“Como é que se pode não ser pássaro e ser alguma coisa.” A frase serve de título a 92 pássaros desenhados a pastel de óleo sobre papel chinês pela minha irmã Bárbara Assis Pacheco, com direito a uma explicação no seu site: “ataraxia/ fazer das tripas coração/ e todas as manhãs volto a acordar”. Um dia destes, subi aos terraços do Mosteiro de São Vicente de Fora, a caminho do Campo de Santa Clara, e lembrei-me dela.
Quando a li pela primeira vez, inventei-lhe um ponto de interrogação. Depois, fui recordar que a ataraxia é a busca do equilíbrio emocional, mediante a diminuição da intensidade das paixões e dos desejos, e percebi que o segredo está em aceitar. Sim, subir a um ponto alto só para olhar lá de cima a cidade que amamos dá uma enorme vontade de ser pássaro. Mas a contemplação pode ajudar–nos a atingir a ausência de inquietação prometida pela definição filosófica.

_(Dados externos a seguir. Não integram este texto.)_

Lemma homotopicP (F G : qmor (jqs S) (jqs S)) :
  homotopic F G <-> diag_invariant (fo G) (fo F).
Proof.
split.
- case=> H [[F0 _] [G1 _]] a b a' b' E.
  have sb : @sameblk (qprod (jqs S) qI) ((a, b), Arr01) ((a', b'), Arr01).
    by split=> //; apply/sameblk_jqs.
  by move: (qfun_blk H sb) => /sameblk_jqs; rewrite !fm_indiscE /= -!F0 -!G1.
- move=> P; pose h (p : X * bool) := if p.2 then fo G p.1 else fo F p.1.
  have hb (m m' : mor (qprod (jqs S) qI)) : sameblk m m' ->
      (h (cod m) == h (dom m)) = (h (cod m') == h (dom m')).
    case: m m' => [m t] [m' t'] /= [/sameblk_jqs E <-].
    by case: t; rewrite /h /=; [apply: qmor_diag_invariant..| apply: P].
  exists (jqs_qmor hb); split; split=> //= m; rewrite fm_indiscE //.
Qed.

Lemma hequiv_eqfun (F G : qmor (jqs S) (jqs S)) : fo F =1 fo G -> hequiv F G.
Proof.
move=> FG; apply: rt_step; left; apply/homotopicP => a b a' b' E.
by rewrite -!FG; apply: qmor_diag_invariant.
Qed.

Lemma hequiv_fo_invariant (P : (X -> X) -> Prop) :
    (forall f g, diag_invariant g f -> P f -> P g) ->
  forall F G : qmor (jqs S) (jqs S), hequiv F G -> P (fo F) <-> P (fo G).
Proof.
move=> Pstep F G; elim=> [F1 G1 FG1|//|F1 G1 K1 _ IH1 _ IH2]; last first.
  exact: iff_trans IH1 IH2.
have {FG1} GF1 : diag_invariant (fo G1) (fo F1).
  by case: FG1 => /homotopicP //; apply: diag_invariantC.
by split; apply: Pstep => //; apply: diag_invariantC.
Qed.

Lemma hequiv_rigid (f0 : X -> X) (F G : qmor (jqs S) (jqs S)) :
  2 < #|X| -> injective f0 -> hequiv F G -> fo F =1 f0 <-> fo G =1 f0.
Proof.
move=> X3 inj0; apply: (hequiv_fo_invariant (P := fun g => g =1 f0)) => f g P f0E.
have finj : injective f by apply: eq_inj inj0 _ => x; rewrite f0E.
by move=> a; rewrite (diag_invariant_rigid X3 finj P).
Qed.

O Mosteiro de São Vicente de Fora foi mandado erguer por Filipe II, simbolicamente no mesmo local onde D. Afonso Henriques fundara um outro mosteiro, em agradecimento pela conquista de Lisboa aos muçulmanos. Veja-se a sua cisterna seiscentista, as fábulas de La Fontaine em painéis de azulejos e a sacristia forrada a mármore de várias cores, antes de galgar as escadas e sentir que vale a pena viver mesmo sem asas.